Below are records; reproduce exactly the lines from the one that has "move=> ? ?; have" through the one that has "move=> t_lt; rewrite", ends included, and nothing more.

Dataset entries

-- -- --

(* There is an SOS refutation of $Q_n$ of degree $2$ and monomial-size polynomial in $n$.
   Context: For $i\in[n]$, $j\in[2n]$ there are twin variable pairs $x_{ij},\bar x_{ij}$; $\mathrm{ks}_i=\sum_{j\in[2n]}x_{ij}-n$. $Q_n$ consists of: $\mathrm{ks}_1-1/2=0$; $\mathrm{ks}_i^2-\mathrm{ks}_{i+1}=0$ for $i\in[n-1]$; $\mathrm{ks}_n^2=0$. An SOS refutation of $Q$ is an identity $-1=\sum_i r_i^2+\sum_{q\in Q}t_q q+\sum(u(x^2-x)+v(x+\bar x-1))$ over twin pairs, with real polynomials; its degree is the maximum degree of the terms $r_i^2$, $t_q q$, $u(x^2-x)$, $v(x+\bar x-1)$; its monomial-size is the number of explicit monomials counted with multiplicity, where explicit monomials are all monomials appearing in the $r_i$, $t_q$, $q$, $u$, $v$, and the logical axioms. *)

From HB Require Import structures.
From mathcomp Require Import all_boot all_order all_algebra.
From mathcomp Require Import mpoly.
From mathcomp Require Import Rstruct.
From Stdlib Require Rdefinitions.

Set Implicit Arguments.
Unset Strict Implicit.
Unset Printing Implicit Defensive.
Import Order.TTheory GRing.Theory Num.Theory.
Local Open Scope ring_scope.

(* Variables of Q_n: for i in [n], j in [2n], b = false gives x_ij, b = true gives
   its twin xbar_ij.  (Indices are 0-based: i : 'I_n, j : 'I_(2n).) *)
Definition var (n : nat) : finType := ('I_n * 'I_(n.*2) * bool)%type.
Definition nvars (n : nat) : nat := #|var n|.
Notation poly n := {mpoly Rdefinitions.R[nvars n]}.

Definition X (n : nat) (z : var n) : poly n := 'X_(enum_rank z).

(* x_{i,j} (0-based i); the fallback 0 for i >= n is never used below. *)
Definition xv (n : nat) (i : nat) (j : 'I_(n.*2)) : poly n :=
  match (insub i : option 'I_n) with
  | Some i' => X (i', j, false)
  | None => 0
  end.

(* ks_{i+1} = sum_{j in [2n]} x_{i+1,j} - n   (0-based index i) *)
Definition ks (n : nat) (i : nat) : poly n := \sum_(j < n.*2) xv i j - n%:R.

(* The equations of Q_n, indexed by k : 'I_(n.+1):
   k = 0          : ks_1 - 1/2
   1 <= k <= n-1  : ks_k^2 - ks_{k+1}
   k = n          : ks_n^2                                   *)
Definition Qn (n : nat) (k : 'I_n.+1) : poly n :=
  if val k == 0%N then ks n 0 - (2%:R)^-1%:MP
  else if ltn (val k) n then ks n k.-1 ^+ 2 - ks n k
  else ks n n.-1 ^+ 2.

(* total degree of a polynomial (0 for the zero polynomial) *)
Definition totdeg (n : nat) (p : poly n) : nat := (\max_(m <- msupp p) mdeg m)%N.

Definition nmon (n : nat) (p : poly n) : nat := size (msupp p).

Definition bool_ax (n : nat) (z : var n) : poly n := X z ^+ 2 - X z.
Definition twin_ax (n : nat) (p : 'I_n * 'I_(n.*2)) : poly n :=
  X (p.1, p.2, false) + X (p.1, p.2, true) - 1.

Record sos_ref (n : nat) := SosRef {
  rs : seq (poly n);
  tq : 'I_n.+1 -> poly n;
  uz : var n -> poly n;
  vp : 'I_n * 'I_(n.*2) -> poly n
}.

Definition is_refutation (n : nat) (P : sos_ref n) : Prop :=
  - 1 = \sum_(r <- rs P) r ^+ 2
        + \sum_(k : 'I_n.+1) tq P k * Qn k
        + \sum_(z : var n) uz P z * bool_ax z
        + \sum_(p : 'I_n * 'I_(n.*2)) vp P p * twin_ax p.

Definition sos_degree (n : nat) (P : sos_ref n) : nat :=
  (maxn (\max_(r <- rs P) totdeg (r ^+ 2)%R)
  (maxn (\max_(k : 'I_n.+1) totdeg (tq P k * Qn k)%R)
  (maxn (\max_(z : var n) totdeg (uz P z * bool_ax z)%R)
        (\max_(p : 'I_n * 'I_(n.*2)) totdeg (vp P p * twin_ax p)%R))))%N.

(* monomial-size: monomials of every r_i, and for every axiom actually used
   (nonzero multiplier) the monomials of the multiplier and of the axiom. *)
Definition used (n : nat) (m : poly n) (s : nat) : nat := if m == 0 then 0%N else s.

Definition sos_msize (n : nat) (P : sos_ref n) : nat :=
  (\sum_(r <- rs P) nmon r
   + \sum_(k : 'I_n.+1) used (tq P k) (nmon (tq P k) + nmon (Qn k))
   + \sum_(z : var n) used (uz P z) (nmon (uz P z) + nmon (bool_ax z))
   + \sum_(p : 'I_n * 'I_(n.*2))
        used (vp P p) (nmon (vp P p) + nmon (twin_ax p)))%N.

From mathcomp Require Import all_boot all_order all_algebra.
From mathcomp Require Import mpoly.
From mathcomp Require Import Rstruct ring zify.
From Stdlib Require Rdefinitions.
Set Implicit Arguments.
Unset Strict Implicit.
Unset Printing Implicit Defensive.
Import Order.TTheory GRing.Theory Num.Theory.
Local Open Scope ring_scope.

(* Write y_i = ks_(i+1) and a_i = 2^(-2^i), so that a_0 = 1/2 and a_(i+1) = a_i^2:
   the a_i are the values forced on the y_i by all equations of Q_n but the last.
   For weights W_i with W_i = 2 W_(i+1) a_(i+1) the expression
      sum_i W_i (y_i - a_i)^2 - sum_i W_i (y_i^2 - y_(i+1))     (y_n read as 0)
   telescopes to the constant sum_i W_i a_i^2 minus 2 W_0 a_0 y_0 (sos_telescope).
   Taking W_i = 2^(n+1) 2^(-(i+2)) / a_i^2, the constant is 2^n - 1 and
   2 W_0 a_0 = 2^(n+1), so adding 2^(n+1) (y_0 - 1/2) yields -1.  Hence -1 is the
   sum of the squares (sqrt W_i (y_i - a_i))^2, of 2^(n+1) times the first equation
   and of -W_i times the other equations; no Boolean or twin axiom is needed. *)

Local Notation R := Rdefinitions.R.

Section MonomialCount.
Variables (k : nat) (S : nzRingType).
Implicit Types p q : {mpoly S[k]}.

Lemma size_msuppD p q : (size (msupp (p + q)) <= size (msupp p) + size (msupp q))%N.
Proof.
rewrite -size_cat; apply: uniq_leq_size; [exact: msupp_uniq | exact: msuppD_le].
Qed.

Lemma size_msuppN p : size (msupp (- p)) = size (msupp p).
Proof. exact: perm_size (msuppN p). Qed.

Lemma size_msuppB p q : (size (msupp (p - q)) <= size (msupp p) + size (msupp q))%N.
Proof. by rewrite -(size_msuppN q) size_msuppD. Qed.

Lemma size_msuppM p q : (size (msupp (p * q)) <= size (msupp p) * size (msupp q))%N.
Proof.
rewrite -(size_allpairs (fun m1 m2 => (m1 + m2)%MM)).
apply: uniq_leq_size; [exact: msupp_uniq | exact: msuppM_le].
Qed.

-- -- --

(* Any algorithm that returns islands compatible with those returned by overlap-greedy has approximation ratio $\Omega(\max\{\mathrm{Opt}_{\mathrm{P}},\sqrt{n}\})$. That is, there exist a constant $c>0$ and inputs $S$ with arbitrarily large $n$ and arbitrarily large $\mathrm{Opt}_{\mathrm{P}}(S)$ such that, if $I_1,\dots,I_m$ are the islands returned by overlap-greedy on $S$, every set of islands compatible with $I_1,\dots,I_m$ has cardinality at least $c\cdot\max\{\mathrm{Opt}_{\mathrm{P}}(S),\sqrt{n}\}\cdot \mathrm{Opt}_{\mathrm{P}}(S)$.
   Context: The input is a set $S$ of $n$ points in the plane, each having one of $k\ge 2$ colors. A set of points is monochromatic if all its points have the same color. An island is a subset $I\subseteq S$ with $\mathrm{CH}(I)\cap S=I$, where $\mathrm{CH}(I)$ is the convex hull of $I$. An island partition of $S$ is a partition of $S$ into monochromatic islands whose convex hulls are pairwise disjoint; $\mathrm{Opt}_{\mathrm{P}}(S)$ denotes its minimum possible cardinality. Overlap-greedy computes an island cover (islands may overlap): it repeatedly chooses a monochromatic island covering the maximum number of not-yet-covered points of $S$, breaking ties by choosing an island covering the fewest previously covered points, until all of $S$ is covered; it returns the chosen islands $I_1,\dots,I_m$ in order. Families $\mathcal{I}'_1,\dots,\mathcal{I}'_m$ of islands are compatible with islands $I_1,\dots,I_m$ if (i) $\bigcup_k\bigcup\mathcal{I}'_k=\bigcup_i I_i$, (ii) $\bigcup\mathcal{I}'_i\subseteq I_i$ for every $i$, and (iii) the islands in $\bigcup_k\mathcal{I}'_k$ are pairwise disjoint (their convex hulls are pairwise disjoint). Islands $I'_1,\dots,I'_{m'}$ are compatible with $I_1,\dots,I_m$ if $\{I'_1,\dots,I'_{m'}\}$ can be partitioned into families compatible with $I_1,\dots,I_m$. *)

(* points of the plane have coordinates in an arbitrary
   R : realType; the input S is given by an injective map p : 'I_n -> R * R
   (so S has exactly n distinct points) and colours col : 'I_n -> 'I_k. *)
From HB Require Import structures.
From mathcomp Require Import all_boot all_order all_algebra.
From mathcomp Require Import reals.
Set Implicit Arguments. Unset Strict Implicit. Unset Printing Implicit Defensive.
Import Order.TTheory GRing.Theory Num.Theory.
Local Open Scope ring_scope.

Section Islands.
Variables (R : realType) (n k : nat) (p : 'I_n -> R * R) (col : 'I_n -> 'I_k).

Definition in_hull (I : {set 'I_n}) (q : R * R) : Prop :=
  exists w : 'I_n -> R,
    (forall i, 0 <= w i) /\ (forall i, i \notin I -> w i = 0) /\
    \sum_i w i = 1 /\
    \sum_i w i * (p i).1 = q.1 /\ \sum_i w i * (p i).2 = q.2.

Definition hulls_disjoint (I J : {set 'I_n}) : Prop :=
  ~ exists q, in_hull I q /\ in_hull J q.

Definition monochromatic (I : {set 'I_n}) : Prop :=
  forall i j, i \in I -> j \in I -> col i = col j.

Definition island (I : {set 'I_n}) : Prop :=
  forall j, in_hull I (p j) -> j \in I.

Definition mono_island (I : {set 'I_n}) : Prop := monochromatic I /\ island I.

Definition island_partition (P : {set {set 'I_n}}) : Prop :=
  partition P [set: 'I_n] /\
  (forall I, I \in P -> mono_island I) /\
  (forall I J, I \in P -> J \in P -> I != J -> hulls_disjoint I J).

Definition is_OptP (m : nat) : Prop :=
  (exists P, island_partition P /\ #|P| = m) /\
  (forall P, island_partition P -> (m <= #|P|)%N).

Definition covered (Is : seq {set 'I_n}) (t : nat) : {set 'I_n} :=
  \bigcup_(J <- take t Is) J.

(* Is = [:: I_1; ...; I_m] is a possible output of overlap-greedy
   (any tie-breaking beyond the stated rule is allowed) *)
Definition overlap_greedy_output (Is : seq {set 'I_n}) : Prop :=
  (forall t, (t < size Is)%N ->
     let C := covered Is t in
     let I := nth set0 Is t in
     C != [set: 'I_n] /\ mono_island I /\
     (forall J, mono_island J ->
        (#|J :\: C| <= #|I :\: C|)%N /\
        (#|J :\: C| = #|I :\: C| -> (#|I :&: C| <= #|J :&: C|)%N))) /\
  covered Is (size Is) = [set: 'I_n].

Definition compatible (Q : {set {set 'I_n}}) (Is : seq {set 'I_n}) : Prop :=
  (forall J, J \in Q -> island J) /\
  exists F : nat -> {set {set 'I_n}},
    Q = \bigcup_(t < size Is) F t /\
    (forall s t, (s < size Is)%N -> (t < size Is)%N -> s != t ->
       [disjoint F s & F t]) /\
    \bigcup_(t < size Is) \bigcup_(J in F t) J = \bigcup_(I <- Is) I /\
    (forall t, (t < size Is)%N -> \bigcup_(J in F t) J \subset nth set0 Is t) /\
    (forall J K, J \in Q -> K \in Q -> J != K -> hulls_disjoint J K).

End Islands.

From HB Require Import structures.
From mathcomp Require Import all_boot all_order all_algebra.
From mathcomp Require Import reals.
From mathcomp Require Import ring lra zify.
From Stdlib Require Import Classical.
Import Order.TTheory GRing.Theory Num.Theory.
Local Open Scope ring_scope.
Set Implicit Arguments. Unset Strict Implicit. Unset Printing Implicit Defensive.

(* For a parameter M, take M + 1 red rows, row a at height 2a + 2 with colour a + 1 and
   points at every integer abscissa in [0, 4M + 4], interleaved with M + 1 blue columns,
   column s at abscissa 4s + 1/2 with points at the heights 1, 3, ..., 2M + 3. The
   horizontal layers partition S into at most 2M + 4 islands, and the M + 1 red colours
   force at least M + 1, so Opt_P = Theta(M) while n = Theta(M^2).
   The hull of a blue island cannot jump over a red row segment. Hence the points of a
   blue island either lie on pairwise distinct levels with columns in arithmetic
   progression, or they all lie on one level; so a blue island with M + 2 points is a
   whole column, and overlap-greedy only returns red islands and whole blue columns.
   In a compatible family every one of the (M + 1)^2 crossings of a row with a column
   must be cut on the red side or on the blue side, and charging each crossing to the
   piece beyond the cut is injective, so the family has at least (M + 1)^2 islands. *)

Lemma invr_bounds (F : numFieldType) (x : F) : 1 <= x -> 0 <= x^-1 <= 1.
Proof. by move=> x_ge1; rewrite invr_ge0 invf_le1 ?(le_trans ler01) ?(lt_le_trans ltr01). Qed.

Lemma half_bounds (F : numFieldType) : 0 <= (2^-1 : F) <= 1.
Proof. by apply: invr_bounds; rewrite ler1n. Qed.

-- -- --

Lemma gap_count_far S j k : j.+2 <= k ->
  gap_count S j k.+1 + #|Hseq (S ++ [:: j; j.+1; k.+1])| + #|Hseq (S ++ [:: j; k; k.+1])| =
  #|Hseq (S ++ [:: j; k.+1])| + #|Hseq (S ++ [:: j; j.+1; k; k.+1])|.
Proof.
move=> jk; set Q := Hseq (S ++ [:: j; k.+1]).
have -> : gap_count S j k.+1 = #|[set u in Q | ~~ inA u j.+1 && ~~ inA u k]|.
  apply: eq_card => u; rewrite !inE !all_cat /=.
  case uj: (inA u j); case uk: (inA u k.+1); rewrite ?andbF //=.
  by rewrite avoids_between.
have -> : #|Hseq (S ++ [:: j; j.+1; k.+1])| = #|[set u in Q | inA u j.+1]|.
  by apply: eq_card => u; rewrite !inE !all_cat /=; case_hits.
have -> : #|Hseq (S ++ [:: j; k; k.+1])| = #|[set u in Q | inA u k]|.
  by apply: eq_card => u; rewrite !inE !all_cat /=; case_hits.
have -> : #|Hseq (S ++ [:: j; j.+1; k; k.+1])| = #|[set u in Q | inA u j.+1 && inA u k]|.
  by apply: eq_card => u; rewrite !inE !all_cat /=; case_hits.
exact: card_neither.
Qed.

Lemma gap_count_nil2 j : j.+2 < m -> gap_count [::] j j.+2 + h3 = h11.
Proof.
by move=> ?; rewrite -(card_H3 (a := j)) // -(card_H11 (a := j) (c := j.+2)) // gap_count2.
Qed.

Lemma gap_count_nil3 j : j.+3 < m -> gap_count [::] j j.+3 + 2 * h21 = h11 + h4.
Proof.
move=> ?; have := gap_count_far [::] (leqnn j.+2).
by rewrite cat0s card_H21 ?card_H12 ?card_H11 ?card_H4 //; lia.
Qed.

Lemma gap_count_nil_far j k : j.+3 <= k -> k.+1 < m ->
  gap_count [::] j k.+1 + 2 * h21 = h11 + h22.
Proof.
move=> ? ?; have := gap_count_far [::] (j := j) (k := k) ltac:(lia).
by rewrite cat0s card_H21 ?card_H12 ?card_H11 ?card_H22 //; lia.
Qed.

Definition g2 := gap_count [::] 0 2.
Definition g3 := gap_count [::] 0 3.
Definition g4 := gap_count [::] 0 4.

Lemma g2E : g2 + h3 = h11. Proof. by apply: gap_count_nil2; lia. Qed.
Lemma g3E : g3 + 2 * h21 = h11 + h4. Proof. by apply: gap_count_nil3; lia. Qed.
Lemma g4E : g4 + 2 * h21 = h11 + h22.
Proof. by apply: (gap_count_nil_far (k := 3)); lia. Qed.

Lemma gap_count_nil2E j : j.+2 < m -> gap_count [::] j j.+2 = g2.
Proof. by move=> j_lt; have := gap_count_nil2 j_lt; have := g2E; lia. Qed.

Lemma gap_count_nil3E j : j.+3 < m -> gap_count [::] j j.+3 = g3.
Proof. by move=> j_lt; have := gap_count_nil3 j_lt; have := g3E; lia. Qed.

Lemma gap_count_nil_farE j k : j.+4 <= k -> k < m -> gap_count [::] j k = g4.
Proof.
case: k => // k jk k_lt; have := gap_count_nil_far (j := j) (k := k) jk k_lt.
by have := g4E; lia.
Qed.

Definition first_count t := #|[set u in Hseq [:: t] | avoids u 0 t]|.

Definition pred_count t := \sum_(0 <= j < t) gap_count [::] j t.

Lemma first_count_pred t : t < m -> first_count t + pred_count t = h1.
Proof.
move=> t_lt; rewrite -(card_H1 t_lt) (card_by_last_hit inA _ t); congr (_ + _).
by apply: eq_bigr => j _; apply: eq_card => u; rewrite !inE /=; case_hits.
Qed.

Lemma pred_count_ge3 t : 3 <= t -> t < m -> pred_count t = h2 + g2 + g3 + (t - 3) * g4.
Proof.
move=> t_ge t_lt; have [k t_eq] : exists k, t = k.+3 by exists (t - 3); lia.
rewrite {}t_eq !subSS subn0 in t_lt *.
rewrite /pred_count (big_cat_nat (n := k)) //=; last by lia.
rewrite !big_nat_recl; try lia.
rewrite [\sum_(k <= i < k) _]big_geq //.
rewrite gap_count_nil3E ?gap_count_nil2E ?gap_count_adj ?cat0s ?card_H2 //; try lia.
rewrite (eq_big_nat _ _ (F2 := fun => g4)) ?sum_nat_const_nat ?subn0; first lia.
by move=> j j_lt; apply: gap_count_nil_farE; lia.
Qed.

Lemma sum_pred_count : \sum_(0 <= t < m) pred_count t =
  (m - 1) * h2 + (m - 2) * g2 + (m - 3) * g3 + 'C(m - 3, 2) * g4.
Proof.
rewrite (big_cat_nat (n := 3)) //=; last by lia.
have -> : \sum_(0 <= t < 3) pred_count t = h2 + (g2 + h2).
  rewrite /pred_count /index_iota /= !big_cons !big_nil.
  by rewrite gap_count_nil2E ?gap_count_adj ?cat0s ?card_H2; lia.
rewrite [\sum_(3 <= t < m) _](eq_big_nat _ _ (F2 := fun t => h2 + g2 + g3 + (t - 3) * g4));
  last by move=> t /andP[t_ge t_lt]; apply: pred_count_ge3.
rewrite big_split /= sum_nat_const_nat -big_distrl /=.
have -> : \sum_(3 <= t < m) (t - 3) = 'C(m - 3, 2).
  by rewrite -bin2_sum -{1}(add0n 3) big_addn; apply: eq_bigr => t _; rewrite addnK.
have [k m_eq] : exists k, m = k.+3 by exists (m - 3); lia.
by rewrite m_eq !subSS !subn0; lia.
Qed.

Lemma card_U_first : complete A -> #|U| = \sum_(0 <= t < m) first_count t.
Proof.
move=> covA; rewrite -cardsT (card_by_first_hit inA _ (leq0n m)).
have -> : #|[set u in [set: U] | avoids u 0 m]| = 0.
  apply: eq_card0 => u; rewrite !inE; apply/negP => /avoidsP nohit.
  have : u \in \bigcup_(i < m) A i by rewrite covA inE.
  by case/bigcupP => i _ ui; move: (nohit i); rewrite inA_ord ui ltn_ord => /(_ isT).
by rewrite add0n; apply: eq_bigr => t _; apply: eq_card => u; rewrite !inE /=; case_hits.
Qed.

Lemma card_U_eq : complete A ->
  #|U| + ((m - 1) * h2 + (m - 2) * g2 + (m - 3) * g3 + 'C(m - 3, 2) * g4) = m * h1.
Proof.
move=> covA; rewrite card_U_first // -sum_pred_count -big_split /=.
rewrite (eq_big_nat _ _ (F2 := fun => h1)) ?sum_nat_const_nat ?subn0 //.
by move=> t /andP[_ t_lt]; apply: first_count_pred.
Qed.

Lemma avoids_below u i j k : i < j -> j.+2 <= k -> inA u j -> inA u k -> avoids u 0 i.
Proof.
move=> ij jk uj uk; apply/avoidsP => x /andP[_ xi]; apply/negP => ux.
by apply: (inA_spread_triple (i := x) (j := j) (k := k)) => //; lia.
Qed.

-- -- --

*Exercise output*
move=> ? ?; have := gap_count_far [::] (j := j) (k := k) ltac:(lia).
by rewrite cat0s card_H21 ?card_H12 ?card_H11 ?card_H22 //; lia.
Qed.

Definition g2 := gap_count [::] 0 2.
Definition g3 := gap_count [::] 0 3.
Definition g4 := gap_count [::] 0 4.

Lemma g2E : g2 + h3 = h11. Proof. by apply: gap_count_nil2; lia. Qed.
Lemma g3E : g3 + 2 * h21 = h11 + h4. Proof. by apply: gap_count_nil3; lia. Qed.
Lemma g4E : g4 + 2 * h21 = h11 + h22.
Proof. by apply: (gap_count_nil_far (k := 3)); lia. Qed.

Lemma gap_count_nil2E j : j.+2 < m -> gap_count [::] j j.+2 = g2.
Proof. by move=> j_lt; have := gap_count_nil2 j_lt; have := g2E; lia. Qed.

Lemma gap_count_nil3E j : j.+3 < m -> gap_count [::] j j.+3 = g3.
Proof. by move=> j_lt; have := gap_count_nil3 j_lt; have := g3E; lia. Qed.

Lemma gap_count_nil_farE j k : j.+4 <= k -> k < m -> gap_count [::] j k = g4.
Proof.
case: k => // k jk k_lt; have := gap_count_nil_far (j := j) (k := k) jk k_lt.
by have := g4E; lia.
Qed.

Definition first_count t := #|[set u in Hseq [:: t] | avoids u 0 t]|.

Definition pred_count t := \sum_(0 <= j < t) gap_count [::] j t.

Lemma first_count_pred t : t < m -> first_count t + pred_count t = h1.
Proof.
move=> t_lt; rewrite -(card_H1 t_lt) (card_by_last_hit inA _ t); congr (_ + _).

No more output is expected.